# Fehler: Abhängigkeit kann nicht erfüllt werden



## wpb (31. Oktober 2010)

Hallo!

Ich bin gerade dabei mit eine Virtual Box auf Ububut
zu installieren. Dazu habe ich die 

virtualbox-3.2_3.2.10-66523~Ubuntu~maverick_amd64

heruntergeladen, und wollte diese installieren.

Ich bekomme aber immer folgenden Fehler:

Fehler: Abhängigkeit kann nicht erfüllt werden: libc6 (>= 2.11)


Weiß da wer weiter?


----------



## sheel (31. Oktober 2010)

Dann lade die libc6 doch zuerst herunter und installiere sie zuerst.


----------



## deepthroat (1. November 2010)

Hi.

Welche Version von Ubuntu verwendest du denn?
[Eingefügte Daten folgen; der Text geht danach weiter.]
Lemma block_index_decomp j : (l <= j < l * s.+1)%N ->
  exists2 i, (i < s)%N & exists2 c, (c < l)%N & j = (l * i.+1 + c)%N.
Proof.
case/andP=> lj js; have l0 : (0 < l)%N by case: l lj js => //; rewrite mul0n.
exists ((j - l) %/ l)%N; first by rewrite ltn_divLR //; nia.
exists ((j - l) %% l)%N; first by rewrite ltn_pmod.
by have := divn_eq (j - l)%N l; nia.
Qed.
End BlockIndex.

Section StackedImages.
Variables (F : fieldType) (N l s : nat) (M : 'I_s -> 'M[F]_N) (U : 'M[F]_N).

Definition first_rows : pred 'I_N := [pred j : 'I_N | (j < l)%N].
Definition image_rows : pred 'I_N := [pred j : 'I_N | (l <= j < l * s.+1)%N].

Lemma first_image_rows_disjoint j : first_rows j -> ~~ image_rows j.
Proof. by rewrite /first_rows /image_rows !inE => jl; rewrite leqNgt jl. Qed.

Definition block_shift (i : nat) : 'M[F]_N :=
  \matrix_(j, c) ((j == (l * i.+1 + c)%N :> nat) && (c < l)%N)%:R.

(* Row [l * (i + 1) + c] holds [u_c M_i^T], [u_c] the [c]-th row of [U], i.e. the
   column [M_i u_c] that [g] must send to the basis vector [e_(l * (i + 1) + c)]. *)
Definition stacked_images : 'M[F]_N := \sum_(i < s) block_shift i *m U *m (M i)^T.

Lemma row_block_shift i' (i : 'I_s) (c j : 'I_N) : (c < l)%N ->
  j = (l * i.+1 + c)%N :> nat ->
  row j (block_shift i') = if i' == i then delta_mx 0 c else 0.
Proof.
move=> cl jE; apply/rowP => c'; rewrite !mxE jE.
case: (boolP (c' < l)%N) => c'l; last first.
  have c'c : (c' == c) = false by apply: contraNF c'l => /eqP ->.
  by rewrite andbF; case: ifP; rewrite !mxE ?eqxx ?c'c.
rewrite andbT; case: (eqVneq i' i) => [->|i'i]; rewrite mxE ?eqxx /=.
  by rewrite eqn_add2l eq_sym.
by case: eqP => // /block_index_inj [] // e; rewrite e eqxx in i'i.
Qed.

Lemma row_stacked_images (i : 'I_s) (c j : 'I_N) : (c < l)%N ->
  j = (l * i.+1 + c)%N :> nat -> row j stacked_images = row c U *m (M i)^T.
Proof.
move=> cl jE; rewrite rowE mulmx_sumr (bigD1 i) //= big1 => [|i' i'i].
  by rewrite !mulmxA -rowE (row_block_shift _ cl jE) eqxx -rowE addr0.
by rewrite !mulmxA -rowE (row_block_shift _ cl jE) val_eqE (negbTE i'i) !mul0mx.
Qed.

Lemma image_rows_block_shift (i : 'I_s) :
  diag_mask image_rows *m block_shift i = block_shift i.
Proof.
apply/matrixP => j c; rewrite mul_diag_mask_mx [block_shift _ _ _]mxE.
case: eqP => [jE|]; last by rewrite mulr0.
case: (boolP (c < l)%N) => cl; last by rewrite mulr0.
by rewrite /image_rows inE /= jE block_index_bounds ?mul1r.
Qed.

Lemma block_shift_first_rows i :
  block_shift i *m diag_mask first_rows = block_shift i.
Proof.
apply/matrixP => j c; rewrite mul_mx_diag_mask [block_shift _ _ _]mxE /first_rows inE /=.
by case: (c < l)%N; rewrite ?andbF ?mulr1 ?mul0r.
Qed.

Lemma image_rows_stacked_images :
  diag_mask image_rows *m stacked_images = stacked_images.
Proof.
by rewrite mulmx_sumr; apply: eq_bigr => i _; rewrite !mulmxA image_rows_block_shift.
Qed.

Lemma stacked_images_orthogonal : (forall i, U *m M i *m U^T = 0) ->
  U *m stacked_images^T = 0.
Proof.
move=> isoU; apply: trmx_inj; rewrite trmx_mul trmxK trmx0 mulmx_suml big1 // => i _.
have /(congr1 trmx) : U *m M i *m U^T = 0 := isoU i.
by rewrite !trmx_mul trmxK trmx0 -!mulmxA => ->; rewrite mulmx0.
Qed.

Lemma stacked_images_free : rows_free_on first_rows U ->
  (forall v : 'I_s -> 'rV[F]_N, (forall i, (v i <= U)%MS) ->
     \sum_i v i *m (M i)^T = 0 -> forall i, v i = 0) ->
  rows_free_on image_rows stacked_images.
Proof.
move=> free_U free_images a a_supp a0.
have a_shift0 (i : 'I_s) : a *m block_shift i = 0.
  apply: free_U; first by rewrite -mulmxA block_shift_first_rows.
  move: i; apply: (free_images (fun i => a *m block_shift i *m U)) => [i|].
    exact: submxMl.
  by rewrite -[RHS]a0 mulmx_sumr; apply: eq_bigr => i _; rewrite !mulmxA.
apply/rowP => j; rewrite mxE; move/rowP: a_supp => /(_ j) <-.
rewrite mul_mx_diag_mask; case: (boolP (image_rows j)) => [Sj|]; last first.
  by rewrite mulr0.
have [i lt_is [c cl jE]] := block_index_decomp Sj.
have cN : (c < N)%N by have := ltn_ord j; rewrite jE; lia.
move/rowP: (a_shift0 (Ordinal lt_is)) => /(_ (Ordinal cN)).
rewrite !mxE (bigD1 j) //= big1 => [|j' j'j]; rewrite mxE.
  by rewrite /= -jE eqxx cl mulr1 addr0 => ->.
by rewrite /= -jE val_eqE (negbTE j'j) mulr0.
Qed.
Du hast dort die VirtualBox Version für Maverick (Ubuntu 10.10) runtergeladen...

Warum willst du denn die VirtualBox Version unbedingt per Hand installieren? Reicht dir die OSE Version aus den Ubuntu Repositories nicht aus? (siehe http://wiki.ubuntuusers.de/VirtualBox/Installation#VirtualBox-OSE-Open-Source-Edition)

Die libc6 ist auf jeden Fall schon installiert, aber offenbar zu alt. Installiere einfach eine VirtualBox Version die auch zu deinem System passt.

Gruß


----------